Records to use –
--- START ---
(* Let $n\ge 2$ and consider the asynchronous $(n,k)$ game on the complete graph with agent set $[n]=\{1,\dots,n\}$ consisting of $n_r$ rejectors and $n-n_r$ random followers, where the threshold satisfies $k\le n-n_r$. Then the probability that a decision is made in finite time, i.e. $P\big(\exists\, t\ge 0:\ \sum_{i\in[n]}x_i(t)\ge k\big)$, is at most $\dfrac{n-n_r}{2k}$.
   Context: Each agent $i\in[n]$ holds an opinion $x_i(t)\in\{0,1\}$ at time $t=0,1,2,\dots$. The social graph is complete: every agent's social neighbors are all the other $n-1$ agents. In the $(n,k)$ game a decision is made at time $t$ if $\sum_{i\in[n]}x_i(t)\ge k$. The game is asynchronous: at each time step a single agent, chosen uniformly at random from $[n]$ (independently of the past), updates its opinion, and all other opinions stay the same. A rejector holds opinion $0$ at all times. A random follower has initial opinion distributed as Bernoulli$(1/2)$ (independently across agents), and when it updates it adopts the current opinion of one of its social neighbors chosen uniformly at random. *)

From mathcomp Require Import all_boot all_order all_algebra.
Set Implicit Arguments. Unset Strict Implicit. Unset Printing Implicit Defensive.
Import Order.TTheory GRing.Theory Num.Theory.

(* Agents are 'I_n.  A configuration is x : {ffun 'I_n -> bool} (true = 1).
   R : {set 'I_n} is the set of rejectors; all other agents are random followers. *)

Definition init_conf (n : nat) (R : {set 'I_n}) (b : {ffun 'I_n -> bool})
  : {ffun 'I_n -> bool} :=
  [ffun i => if i \in R then false else b i].

(* One asynchronous step with random choice c = (i, j'): agent i updates;
   the social neighbour chosen is  lift i j'  (uniform over the n-1 agents
   different from i when j' is uniform in 'I_n.-1). *)
Definition step (n : nat) (R : {set 'I_n}) (x : {ffun 'I_n -> bool})
  (c : 'I_n * 'I_n.-1) : {ffun 'I_n -> bool} :=
  [ffun j => if j == c.1 then (if c.1 \in R then false else x (lift c.1 c.2))
             else x j].

Definition conf_at (n : nat) (R : {set 'I_n}) (b : {ffun 'I_n -> bool})
  (s : seq ('I_n * 'I_n.-1)) (t : nat) : {ffun 'I_n -> bool} :=
  foldl (step R) (init_conf R b) (take t s).

Definition decided (n k : nat) (x : {ffun 'I_n -> bool}) : bool :=
  k <= \sum_(i < n) (x i : nat).

(* Probability that a decision is made at some time t in {0,...,T}:
   b is uniform on {ffun 'I_n -> bool} (so follower opinions are i.i.d.
   Bernoulli(1/2)), and the T step choices are i.i.d. uniform on
   'I_n * 'I_n.-1 (agent uniform in [n], neighbour uniform among the others). *)
Definition prob_decision_by (F : realFieldType) (n k : nat) (R : {set 'I_n})
  (T : nat) : F :=
  (\sum_(b : {ffun 'I_n -> bool}) \sum_(s : T.-tuple ('I_n * 'I_n.-1))
      (if [exists t : 'I_T.+1, decided k (conf_at R b s t)] then 1 else 0))
  / ((2 ^ n * (n * n.-1) ^ T)%N)%:R.

(* The number S of agents holding opinion 1 is a supermartingale: an updating
   follower i copies a uniform other agent, whose opinion has mean
   (S - x_i)/(n-1), so averaging over the uniform choice of i the expected
   change of S is (1/n) sum_i ((S - x_i)/(n-1) - x_i) = 0, and a rejector can
   only lower S.  By the maximal inequality for nonnegative supermartingales,
   S ever reaches k with probability at most E[S_0]/k = (n - n_r)/(2k). *)

From mathcomp Require Import all_boot all_order all_algebra.
From mathcomp Require Import zify.
Set Implicit Arguments. Unset Strict Implicit. Unset Printing Implicit Defensive.
Import Order.TTheory GRing.Theory Num.Theory.
Local Open Scope ring_scope.

Lemma big_tupleS (R : Type) (idx : R) (op : Monoid.com_law idx) (C : finType)
    (T : nat) (G : T.+1.-tuple C -> R) :
  \big[op/idx]_(s : T.+1.-tuple C) G s =
  \big[op/idx]_(c : C) \big[op/idx]_(s : T.-tuple C) G [tuple of c :: s].
Proof.
rewrite pair_big /= (reindex (fun p : C * T.-tuple C => [tuple of p.1 :: p.2])).
  by apply: eq_bigr => -[c s].
exists (fun t => (thead t, [tuple of behead t])) => [[c s] _ | t _].
  by congr pair; apply: val_inj.
by rewrite [RHS](tuple_eta t).
Qed.

Section MaximalInequality.

Variables (S : Type) (C : finType) (f : S -> C -> S) (V : S -> nat) (k : nat).

Hypothesis V_super : forall x, (\sum_(c : C) V (f x c) <= #|C| * V x)%N.

Definition reaches T x (s : T.-tuple C) : bool :=
  [exists t : 'I_T.+1, k <= V (foldl f x (take t s))]%N.

Lemma reaches_now T x (s : T.-tuple C) : (k <= V x)%N -> reaches x s.
Proof. by move=> kVx; apply/existsP; exists ord0; rewrite take0. Qed.

Lemma reaches0 x (s : 0.-tuple C) : reaches x s = (k <= V x)%N.
Proof.
apply/existsP/idP => [[[[|t] //=]]|]; first by rewrite take0.
by move=> kVx; exists ord0; rewrite take0.
Qed.

Lemma reaches_cons T x c (s : T.-tuple C) :
  reaches x [tuple of c :: s] = (k <= V x)%N || reaches (f x c) s.
Proof.
apply/existsP/orP => [[[[|t] lt_t] /= kVt] | [kVx | /existsP [t kVt]]].
- by left.
- by right; apply/existsP; exists (Ordinal (lt_t : (t < T.+1)%N)).
- by exists ord0.
- by exists (lift ord0 t).
Qed.

Lemma sum_reaches_now T x :
  (k <= V x)%N -> (\sum_(s : T.-tuple C) reaches x s = #|C| ^ T)%N.
Proof.
by move=> kVx; under eq_bigr do rewrite reaches_now //; rewrite sum1_card card_tuple.
Qed.

Lemma maximal_inequality T x :
  (k * \sum_(s : T.-tuple C) reaches x s <= #|C| ^ T * V x)%N.
Proof.
elim: T x => [|T IH] x; have [kVx | kVx] := leqP k (V x).
- by rewrite sum_reaches_now // mulnC leq_mul2l kVx orbT.
- by rewrite big1 ?muln0 // => s _; rewrite reaches0 leqNgt kVx.
- by rewrite sum_reaches_now // mulnC leq_mul2l kVx orbT.
- rewrite big_tupleS big_distrr /=.
  under eq_bigr do under eq_bigr do rewrite reaches_cons leqNgt kVx /=.
  apply: (@leq_trans (\sum_(c : C) #|C| ^ T * V (f x c))).
    by apply: leq_sum => c _; exact: IH.
  by rewrite -big_distrr /= expnS -mulnA mulnCA leq_mul2l V_super orbT.
Qed.

End MaximalInequality.

Section VoterWithRejectors.

Variables (n : nat) (R : {set 'I_n}).

Definition ones (x : {ffun 'I_n -> bool}) : nat := \sum_(i < n) (x i : nat).

Lemma ones_lift (x : {ffun 'I_n -> bool}) i :
  (\sum_(j < n.-1) (x (lift i j) : nat) + x i = ones x)%N.
Proof. by rewrite /ones (bigD1_ord i) //= addnC. Qed.

Lemma ones_step (x : {ffun 'I_n -> bool}) i j :
  (ones (step R x (i, j)) + x i = ones x + (if i \in R then 0 else x (lift i j)))%N.
Proof.
rewrite /ones (bigD1 i) //= [in RHS](bigD1 i) //= ffunE eqxx /=.
rewrite (eq_bigr (fun l => (x l : nat))) => [|l /negbTE l_i]; last first.
  by rewrite ffunE l_i.
by case: (i \in R) => /=; lia.
Qed.

Lemma ones_step_row (x : {ffun 'I_n -> bool}) i :
  (\sum_(j < n.-1) ones (step R x (i, j)) + n * x i <= n * ones x)%N.
Proof.
have n_gt0 : (0 < n)%N by apply: leq_ltn_trans (ltn_ord i).
have : (\sum_(j < n.-1) (ones (step R x (i, j)) + x i) <=
         \sum_(j < n.-1) (ones x + x (lift i j)))%N.
  by apply: leq_sum => j _; rewrite ones_step leq_add2l; case: (i \in R).
rewrite !big_split /= !sum_nat_const card_ord.
have mul_pred a : (n * a = n.-1 * a + a)%N by rewrite -{1}(prednK n_gt0) mulSnr.
have := ones_lift x i; rewrite !mul_pred.
(* Naming the sums makes lia see their syntactically different copies as one atom. *)
set L := (\sum_(j < n.-1) x (lift i j))%N.
set Si := (\sum_(j < n.-1) ones _)%N.
lia.
Qed.

Lemma ones_supermartingale (x : {ffun 'I_n -> bool}) :
  (\sum_(c : 'I_n * 'I_n.-1) ones (step R x c) <= #|{: 'I_n * 'I_n.-1}| * ones x)%N.
Proof.
have : (\sum_(i < n) (\sum_(j < n.-1) ones (step R x (i, j)) + n * x i) <=
         \sum_(i < n) n * ones x)%N.
  by apply: leq_sum => i _; apply: ones_step_row.
rewrite big_split /= -big_distrr /= -/(ones x) sum_nat_const card_ord.
rewrite card_prod !card_ord pair_big /=.
under [X in (X + _ <= _)%N -> _]eq_bigr do rewrite -surjective_pairing.
have -> : (n * (n * ones x) = n * n.-1 * ones x + n * ones x)%N.
  by move: (ones x) => a; case: (n) => // m; rewrite mulnA -mulnDl mulnS addnC.
by rewrite leq_add2r.
Qed.

Lemma sum_ones_init :
  ((\sum_(b : {ffun 'I_n -> bool}) ones (init_conf R b)) * 2 = 2 ^ n * (n - #|R|))%N.
Proof.
pose flip (b : {ffun 'I_n -> bool}) := [ffun i => ~~ b i].
have flipK : involutive flip by move=> b; apply/ffunP => i; rewrite !ffunE negbK.
have followers : (\sum_(i < n) (i \notin R : nat) = n - #|R|)%N.
  rewrite -[X in (X - _)%N](card_ord n) -[in RHS](setCK R) -cardsCs.
  rewrite -sum1_card [RHS]big_mkcond /=.
  by apply: eq_bigr => i _; rewrite in_setC; case: (i \in R).
have ones_flip b : (ones (init_conf R b) + ones (init_conf R (flip b)) = n - #|R|)%N.
  rewrite /ones -big_split -followers; apply: eq_bigr => i _.
  by rewrite !ffunE; case: (i \in R); case: (b i).
rewrite muln2 -addnn {2}(reindex_inj (can_inj flipK)) -big_split /=.
by rewrite (eq_bigr _ (fun b _ => ones_flip b)) sum_nat_const card_ffun card_bool card_ord.
Qed.

End VoterWithRejectors.

Definition decision_count n k (R : {set 'I_n}) T : nat :=
  \sum_(b : {ffun 'I_n -> bool}) \sum_(s : T.-tuple ('I_n * 'I_n.-1))
    reaches (step R) (@ones n) k (init_conf R b) s.

Lemma prob_decision_byE (F : realFieldType) n k (R : {set 'I_n}) T :
  prob_decision_by F k R T =
  (decision_count k R T)%:R / (2 ^ n * (n * n.-1) ^ T)%:R.
Proof.
rewrite /prob_decision_by natr_sum; congr (_ / _).
apply: eq_bigr => b _; rewrite natr_sum; apply: eq_bigr => s _.
have -> : reaches (step R) (@ones n) k (init_conf R b) s =
          [exists t : 'I_T.+1, decided k (conf_at R b s t)] by [].
by case: ifP.
Qed.

Lemma decision_count_le n k (R : {set 'I_n}) T :
  (decision_count k R T * (2 * k) <= (n - #|R|) * (2 ^ n * (n * n.-1) ^ T))%N.
Proof.
have card_choices : #|{: 'I_n * 'I_n.-1}| = (n * n.-1)%N.
  by rewrite card_prod !card_ord.
apply: (@leq_trans (2 * ((n * n.-1) ^ T * \sum_b ones (init_conf R b)))).
  rewrite (mulnC (decision_count k R T)) -mulnA leq_mul2l /=.
  rewrite big_distrr big_distrr /=; apply: leq_sum => b _.
  by rewrite -card_choices; apply/maximal_inequality/ones_supermartingale.
by rewrite mulnCA (mulnC 2) sum_ones_init mulnCA [leqRHS]mulnCA (mulnC (n - _)%N).
Qed.

Theorem theorem1 (F : realFieldType) (n k : nat) (R : {set 'I_n}) :
  (2 <= n)%N -> (1 <= k)%N -> (k <= n - #|R|)%N ->
  forall T : nat,
    prob_decision_by F k R T <= (n - #|R|)%:R / (2 * k)%:R.
Proof.
move=> n_ge2 k_gt0 _ T.
have size_gt0 : (0 < 2 ^ n * (n * n.-1) ^ T)%N.
  by rewrite muln_gt0 !expn_gt0 muln_gt0 /=; lia.
rewrite prob_decision_byE ler_pdivrMr ?ltr0n // mulrAC.
rewrite ler_pdivlMr ?ltr0n ?muln_gt0 // -!natrM ler_nat.
exact: decision_count_le.
Qed.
--- END ---
Task goal –
Above are the entries. Quote exactly the lines from the one bearing "apply: (@leq_trans (2" through the one bearing "rewrite big_distrr big_distrr".

Exercise solution –
apply: (@leq_trans (2 * ((n * n.-1) ^ T * \sum_b ones (init_conf R b)))).
  rewrite (mulnC (decision_count k R T)) -mulnA leq_mul2l /=.
  rewrite big_distrr big_distrr /=; apply: leq_sum => b _.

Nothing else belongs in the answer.